'Nightmare', copyright: Janine Harrington |
A lady is driving her Citroen down a road she's travelled many times before. She's heading home on a normal weekday, humming along to a tune on the radio. Unexpectedly, from around a corner, a car veers to her side of the road ... slamming into her with such force metal buckles, the windscreen shatters, her body, like a rag doll, is thrown against the steering wheel, held from going further by the seat belt straining tight across her body. Years later, she is still reliving those moments, regurgitating the past, repeatedly feeling the violent thrust of the car careering into her ... seeing the road ahead fragmented through the shattered windscreen ... hearing the crunch of metal ... the smell of burning ... while her chest remains restricted, unable to move, Time held on 'Pause'. Her confidence is so shaken she cannot drive. Even getting into a car or any moving vehicle is tortuous as the crash replays over and over in her mind. She can't switch it off. It's stuck on a loop, while she remains lost in moments from the past.

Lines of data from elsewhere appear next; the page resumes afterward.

(* Let $S=s_1,\ldots,s_n$ be a sequence of nonnegative integers, $\gamma>0$ and $k$ a positive integer. Let $(L,\alpha,\beta)$ be an optimal solution of $\textsc{Geo}$ for $S,\gamma,k$, with $L=\ell_1,\ldots,\ell_n$. If there is an index $j$ with $s_j\ell_j\ne0$, then $\alpha\ge\frac{1}{1+nk}$.
   Context: A level sequence is $L=\ell_1,\ldots,\ell_n$ of integers with $0\le\ell_i\le k$; set $\ell_0=0$. The penalty is $\mathrm{pen}(x,y)=\max(y-x,0)\,\gamma\log n$. The geometric distribution is $p_{\mathrm{geo}}(s;\lambda)=(1-\lambda)\lambda^s$ (with $0^0=1$). For $0\le\alpha<1$, $0<\beta<1$: $\mathrm{score}_{\mathrm{geo}}(L,S;\alpha,\beta,\gamma)=\sum_{i=1}^n\big[-\log p_{\mathrm{geo}}(s_i;\beta\alpha^{\ell_i})+\mathrm{pen}(\ell_{i-1},\ell_i)\big]$. Problem $\textsc{Geo}$: given $S,\gamma,k$, find $L$, $\alpha$ and $\beta$ minimizing this score. *)

(* concrete reals R, with Coquelicot's extended reals Rbar
   to represent the value +infinity of -log 0. *)
From Stdlib Require Import Reals.
From Coquelicot Require Import Coquelicot.
Open Scope R_scope.

(* -log p_geo(s; lam), where p_geo(s;lam) = (1-lam) lam^s (pow 0 0 = 1).
   Equals +oo when the probability is 0 (lam = 0, s > 0). *)
Definition neglog_geo (s : nat) (lam : R) : Rbar :=
  let p := (1 - lam) * lam ^ s in
  if Rlt_dec 0 p then Finite (- ln p) else p_infty.

Definition pen (n : nat) (gamma : R) (x y : nat) : R :=
  Rmax (INR y - INR x) 0 * gamma * ln (INR n).

(* Sequences are indexed 1..n; the level before index 1 is l_0 = 0. *)
Definition prev_level (L : nat -> nat) (i : nat) : nat :=
  match i with O => O | S O => O | S j => L j end.

Definition term_geo (n : nat) (S L : nat -> nat) (alpha beta gamma : R) (i : nat) : Rbar :=
  Rbar_plus (neglog_geo (S i) (beta * alpha ^ (L i)))
            (Finite (pen n gamma (prev_level L i) (L i))).

Fixpoint score_upto (n : nat) (S L : nat -> nat) (alpha beta gamma : R) (m : nat) : Rbar :=
  match m with
  | O => Finite 0
  | Datatypes.S m' => Rbar_plus (score_upto n S L alpha beta gamma m')
                                (term_geo n S L alpha beta gamma m)
  end.

Definition score_geo (n : nat) (S L : nat -> nat) (alpha beta gamma : R) : Rbar :=
  score_upto n S L alpha beta gamma n.

Definition level_seq (n k : nat) (L : nat -> nat) : Prop :=
  forall i, (1 <= i <= n)%nat -> (L i <= k)%nat.

Definition feasible_geo (n k : nat) (L : nat -> nat) (alpha beta : R) : Prop :=
  level_seq n k L /\ 0 <= alpha < 1 /\ 0 < beta < 1.

Definition optimal_geo (n : nat) (S : nat -> nat) (gamma : R) (k : nat)
  (L : nat -> nat) (alpha beta : R) : Prop :=
  feasible_geo n k L alpha beta /\
  forall L' alpha' beta', feasible_geo n k L' alpha' beta' ->
    Rbar_le (score_geo n S L alpha beta gamma) (score_geo n S L' alpha' beta' gamma).

(* Suppose alpha < c := 1/(1+nk) and compare with the solution (L, c, beta).
   Each term changes by s_i l_i (ln c - ln alpha) from the factor alpha^(l_i),
   while the change of -log(1 - beta alpha^(l_i)) is at most k (c - alpha)/(1 - c);
   the penalties do not change.  Summed over the n positions, the choice of c
   makes the latter total (c - alpha)/c = 1 - alpha/c, which is strictly below
   ln c - ln alpha since ln x < x - 1 for x <> 1, so (L, c, beta) scores strictly
   better.  For alpha = 0 the position j has probability 0 and the score is +oo. *)

From Stdlib Require Import Reals Lra Lia.
From Coquelicot Require Import Coquelicot.
Open Scope R_scope.

Lemma ln_le_sub_1 x : 0 < x -> ln x <= x - 1.
Proof.
  intros Hx. pose proof (exp_ineq1_le (ln x)) as Hexp.
  rewrite exp_ln in Hexp by exact Hx. lra.
Qed.

Lemma ln_lt_sub_1 x : 0 < x -> x <> 1 -> ln x < x - 1.
Proof.
  intros Hx Hx1. pose proof (exp_ineq1 (ln x) (ln_neq_0 x Hx1 Hx)) as Hexp.
  rewrite exp_ln in Hexp by exact Hx. lra.
Qed.

Lemma ln_div x y : 0 < x -> 0 < y -> ln (x / y) = ln x - ln y.
Proof.
  intros Hx Hy. unfold Rdiv.
  rewrite ln_mult, ln_Rinv by (try apply Rinv_0_lt_compat; assumption). ring.
Qed.

Lemma ln_sub_ln_le u v : 0 < u -> 0 < v -> ln u - ln v <= (u - v) / v.
Proof.
  intros Hu Hv. rewrite <- ln_div by assumption.
  replace ((u - v) / v) with (u / v - 1) by (field; lra).
  apply ln_le_sub_1, Rdiv_lt_0_compat; assumption.
Qed.

Lemma sub_div_lt_ln_sub_ln a c : 0 < a < c -> (c - a) / c < ln c - ln a.
Proof.
  intros Hac.
  assert (Hne : a / c <> 1).
  { intros Heq. unfold Rdiv in Heq.
    apply Rmult_eq_compat_r with (r := c) in Heq.
    rewrite Rmult_assoc, Rinv_l in Heq by lra. lra. }
  pose proof (ln_lt_sub_1 (a / c) ltac:(apply Rdiv_lt_0_compat; lra) Hne) as Hlt.
  rewrite ln_div in Hlt by lra.
  replace ((c - a) / c) with (1 - a / c) by (field; lra). lra.
Qed.

Lemma pow_le_1 x l : 0 <= x <= 1 -> x ^ l <= 1.
Proof. intros Hx. rewrite <- (pow1 l). apply pow_incr. exact Hx. Qed.

Lemma pow_sub_pow_le a c l : 0 <= a <= c -> c <= 1 -> c ^ l - a ^ l <= INR l * (c - a).
Proof.
  intros Hac Hc1. induction l as [|l IH]; [simpl; lra|].
  rewrite S_INR; simpl.
  assert (Hal : 0 <= a ^ l <= 1) by (split; [apply pow_le | apply pow_le_1]; lra).
  assert (Hacl : a ^ l <= c ^ l) by (apply pow_incr; lra).
  (* c^(l+1) - a^(l+1) = c (c^l - a^l) + a^l (c - a) *)
  nra.
Qed.

Lemma ln_one_sub_pow_sub_le a c beta l k :
  0 < a < c -> c < 1 -> 0 < beta <= 1 -> (l <= k)%nat ->
  ln (1 - beta * a ^ l) - ln (1 - beta * c ^ l) <= INR k * (c - a) / (1 - c).
Proof.
  intros Hac Hc1 Hb Hlk.
  assert (Hbound : 0 <= INR k * (c - a) / (1 - c)).
  { apply Rdiv_le_0_compat; [apply Rmult_le_pos; [apply pos_INR | lra] | lra]. }
  destruct l as [|l]; [simpl; lra|].
  set (u := 1 - beta * a ^ S l). set (v := 1 - beta * c ^ S l).
  assert (Hacl : a ^ S l <= c ^ S l) by (apply pow_incr; lra).
  assert (Hcl : c ^ S l <= c) by (simpl; pose proof (pow_le_1 c l); nra).
  assert (Hv : 1 - c <= v) by (unfold v; nra).
  assert (Hu : 0 < u) by (unfold u; nra).
  assert (Huv : 0 <= u - v <= INR k * (c - a)).
  { pose proof (pow_sub_pow_le a c (S l) ltac:(lra) ltac:(lra)).
    pose proof (le_INR _ _ Hlk). unfold u, v. nra. }
  apply Rle_trans with ((u - v) / v); [apply ln_sub_ln_le; lra|].
  apply Rmult_le_compat; [lra | left; apply Rinv_0_lt_compat; lra | lra |].
  apply Rinv_le_contravar; lra.
Qed.

Definition geo_nll (s : nat) (lam : R) : R := - ln (1 - lam) - INR s * ln lam.

Lemma neglog_geo_finite s lam : 0 < lam < 1 -> neglog_geo s lam = Finite (geo_nll s lam).
Proof.
  intros Hlam. unfold neglog_geo, geo_nll.
  assert (Hp : 0 < (1 - lam) * lam ^ s) by (apply Rmult_lt_0_compat; [lra | apply pow_lt; lra]).
  destruct (Rlt_dec 0 _) as [_|Hn]; [|contradiction].
  rewrite ln_mult, ln_pow by (try apply pow_lt; lra). f_equal. ring.
Qed.

Lemma neglog_geo_0 s : (0 < s)%nat -> neglog_geo s 0 = p_infty.
Proof.
  intros Hs. unfold neglog_geo. rewrite pow_i, Rmult_0_r by exact Hs.
  destruct (Rlt_dec 0 0) as [H|_]; [lra | reflexivity].
Qed.

Lemma geo_nll_sub_ge s l k a c beta :
  0 < a < c -> c < 1 -> 0 < beta < 1 -> (l <= k)%nat ->
  INR (s * l) * (ln c - ln a) - INR k * (c - a) / (1 - c)
  <= geo_nll s (beta * a ^ l) - geo_nll s (beta * c ^ l).
Proof.
  intros Hac Hc1 Hb Hlk. unfold geo_nll.
  pose proof (ln_one_sub_pow_sub_le a c beta l k Hac Hc1 ltac:(lra) Hlk).
  rewrite mult_INR, !ln_mult, !ln_pow by (try apply pow_lt; lra). lra.
Qed.

Fixpoint sum_upto (f : nat -> R) (m : nat) : R :=
  match m with
  | O => 0
  | S m' => sum_upto f m' + f m
  end.

Lemma sum_upto_affine f g e m :
  sum_upto (fun i => f i - g i + e) m = sum_upto f m - sum_upto g m + INR m * e.
Proof. induction m as [|m IH]; [simpl; ring|]. rewrite S_INR. simpl. rewrite IH. ring. Qed.

Lemma sum_upto_ge_term f m j :
  (forall i, (1 <= i <= m)%nat -> 0 <= f i) -> (1 <= j <= m)%nat -> f j <= sum_upto f m.
Proof.
  intros Hf Hj.
  assert (Hnn : forall m', (m' <= m)%nat -> 0 <= sum_upto f m').
  { induction m' as [|m' IH]; intros Hm; simpl; [lra|].
    pose proof (IH ltac:(lia)). pose proof (Hf (S m') ltac:(lia)). lra. }
  induction m as [|m IH]; [lia|]. simpl.
  destruct (Nat.eq_dec j (S m)) as [->|Hne].
  - pose proof (Hnn m ltac:(lia)). lra.
  - pose proof (Hf (S m) ltac:(lia)).
    assert (f j <= sum_upto f m); [|lra].
    apply IH; [intros i Hi; apply Hf; lia | lia | intros m' Hm; apply Hnn; lia].
Qed.

Definition term_geo_R (n : nat) (s L : nat -> nat) (a beta gamma : R) (i : nat) : R :=
  geo_nll (s i) (beta * a ^ L i) + pen n gamma (prev_level L i) (L i).

Lemma term_geo_finite n s L a beta gamma i : 0 < a <= 1 -> 0 < beta < 1 ->
  term_geo n s L a beta gamma i = Finite (term_geo_R n s L a beta gamma i).
Proof.
  intros Ha Hb. unfold term_geo, term_geo_R.
  assert (0 < a ^ L i <= 1) by (split; [apply pow_lt | apply pow_le_1]; lra).
  rewrite neglog_geo_finite by (split; [apply Rmult_lt_0_compat|]; nra).
  reflexivity.
Qed.

Lemma score_upto_finite n s L a beta gamma m : 0 < a <= 1 -> 0 < beta < 1 ->
  score_upto n s L a beta gamma m = Finite (sum_upto (term_geo_R n s L a beta gamma) m).
Proof.
  intros Ha Hb. induction m as [|m IH]; [reflexivity|].
  simpl. rewrite IH, term_geo_finite by assumption. reflexivity.
Qed.

Lemma term_geo_neq_m_infty n s L a beta gamma i : term_geo n s L a beta gamma i <> m_infty.
Proof. unfold term_geo, neglog_geo. destruct (Rlt_dec _ _); discriminate. Qed.

Lemma score_upto_neq_m_infty n s L a beta gamma m : score_upto n s L a beta gamma m <> m_infty.
Proof.
  induction m as [|m IH]; simpl; [discriminate|].
  pose proof (term_geo_neq_m_infty n s L a beta gamma (S m)).
  destruct (score_upto _ _ _ _ _ _ m), (term_geo _ _ _ _ _ _ (S m)); simpl; congruence.
Qed.

Lemma score_upto_p_infty n s L a beta gamma m j : (1 <= j <= m)%nat ->
  term_geo n s L a beta gamma j = p_infty -> score_upto n s L a beta gamma m = p_infty.
Proof.
  intros Hj Htj. induction m as [|m IH]; [lia|]. simpl.
  destruct (Nat.eq_dec j (S m)) as [->|Hne].
  - rewrite Htj. pose proof (score_upto_neq_m_infty n s L a beta gamma m).
    destruct (score_upto _ _ _ _ _ _ m); simpl; congruence.
  - rewrite IH by lia. pose proof (term_geo_neq_m_infty n s L a beta gamma (S m)).
    destruct (term_geo _ _ _ _ _ _ (S m)); simpl; congruence.
Qed.

Lemma inv_1_add_bounds x : 0 < x -> 0 < / (1 + x) < 1.
Proof.
  intros Hx. split; [apply Rinv_0_lt_compat; lra|].
  rewrite <- Rinv_1. apply Rinv_lt_contravar; lra.
Qed.

Lemma score_sum_lt_at_threshold n k s L a beta gamma j :
  (0 < k)%nat -> level_seq n k L -> 0 < beta < 1 ->
  (1 <= j <= n)%nat -> (s j * L j <> 0)%nat ->
  0 < a < / (1 + INR n * INR k) ->
  sum_upto (term_geo_R n s L (/ (1 + INR n * INR k)) beta gamma) n
  < sum_upto (term_geo_R n s L a beta gamma) n.
Proof.
  intros Hk Hlev Hb Hj Hsl. set (c := / (1 + INR n * INR k)). intros Ha.
  assert (Hn0 : 0 < INR n) by (apply lt_0_INR; lia).
  assert (Hk0 : 0 < INR k) by (apply lt_0_INR; lia).
  assert (Hnk : 0 < INR n * INR k) by (apply Rmult_lt_0_compat; assumption).
  assert (Hc : 0 < c < 1) by (apply inv_1_add_bounds, Hnk).
  set (Lam := ln c - ln a). set (E := INR k * (c - a) / (1 - c)).
  set (d i := term_geo_R n s L a beta gamma i - term_geo_R n s L c beta gamma i + E).
  assert (HLam : 0 < Lam) by (unfold Lam; pose proof (ln_increasing a c ltac:(lra) ltac:(lra)); lra).
  assert (Hd : forall i, (1 <= i <= n)%nat -> INR (s i * L i) * Lam <= d i).
  { intros i Hi. unfold d, term_geo_R.
    pose proof (geo_nll_sub_ge (s i) (L i) k a c beta ltac:(lra) ltac:(lra) Hb (Hlev i Hi))
      as Hgap.
    fold Lam E in Hgap. lra. }
  assert (Hdj : Lam <= d j).
  { pose proof (le_INR 1 (s j * L j) ltac:(lia)) as Hsl1. simpl in Hsl1.
    pose proof (Hd j Hj). nra. }
  assert (Hsum : d j <= sum_upto d n).
  { apply sum_upto_ge_term; [|exact Hj].
    intros i Hi. pose proof (Hd i Hi). pose proof (pos_INR (s i * L i)). nra. }
  assert (Hsplit : sum_upto d n = sum_upto (term_geo_R n s L a beta gamma) n
                    - sum_upto (term_geo_R n s L c beta gamma) n + INR n * E)
    by apply sum_upto_affine.
  (* c is chosen so that 1 - c = n k c, which makes n E equal to (c - a) / c *)
  assert (HnE : INR n * E = (c - a) / c).
  { assert (H1c : 1 - c = INR n * INR k * c) by (unfold c; field; lra).
    unfold E. rewrite H1c. field. lra. }
  pose proof (sub_div_lt_ln_sub_ln a c ltac:(lra)) as Hlog. fold Lam in Hlog. lra.
Qed.

Theorem lemma6 (n : nat) (S : nat -> nat) (gamma : R) (k : nat)
  (L : nat -> nat) (alpha beta : R) :
  0 < gamma -> (0 < k)%nat ->
  optimal_geo n S gamma k L alpha beta ->
  (exists j, (1 <= j <= n)%nat /\ (S j * L j <> 0)%nat) ->
  alpha >= / (1 + INR n * INR k).
Proof.
  intros _ Hk [[Hlev [Ha Hb]] Hopt] [j [Hj Hsl]].
  apply Rnot_lt_ge. intros Hlt.
  set (c := / (1 + INR n * INR k)) in *.
  assert (Hc : 0 < c < 1).
  { apply inv_1_add_bounds, Rmult_lt_0_compat; apply lt_0_INR; lia. }
  specialize (Hopt L c beta (conj Hlev (conj (conj (Rlt_le _ _ (proj1 Hc)) (proj2 Hc)) Hb))).
  unfold score_geo in Hopt. rewrite (score_upto_finite _ _ _ c) in Hopt by lra.
  destruct (proj1 Ha) as [Ha0|<-].
  - rewrite score_upto_finite in Hopt by lra. simpl in Hopt.
    assert (Hac : 0 < alpha < c) by lra.
    pose proof (score_sum_lt_at_threshold n k S L alpha beta gamma j Hk Hlev Hb Hj Hsl Hac)
      as Hlt_sum.
    fold c in Hlt_sum. lra.
  - rewrite (score_upto_p_infty _ _ _ _ _ _ _ j Hj) in Hopt; [exact Hopt|].
    unfold term_geo. rewrite pow_i, Rmult_0_r, neglog_geo_0 by lia. reflexivity.
Qed.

A girl is taunted in the school playground. She knows the bullies, but doesn't understand why it's happening to her. They take her satchel, tearing her books, ripping up carefully-written homework, removing vital pens, throwing them from one to the other, all the time chanting stupid rhymes about her, calling her names. Once the bell rings and they're inside a classroom, still they target, pulling her hair, tormenting whenever the teacher's back is turned, dragging her chair from under her. At playtime, she hides in the toilets. They know where she is and they bide their time. While she sits, contemplating the dynamics of taking off her tights, looping them around the pipework above, inserting her head in a noose and jumping from the toilet seat in an effort to end her hopeless life filled with despair. Tens of years on, in the workplace, she's still trying to identify the bully. There's always one. She feels weak, vulnerable, helpless in stopping petty acts carried out against her. While at night she hears again the taunts in the playground, seeing faces glaring, spitting, provoking her into a reaction that doesn't come ... other than running away. Her spirit was broken long ago. She supports and helps others, knowing and understanding their need, but inside feels a complete wreck, a nobody, someone who counts for nothing at all.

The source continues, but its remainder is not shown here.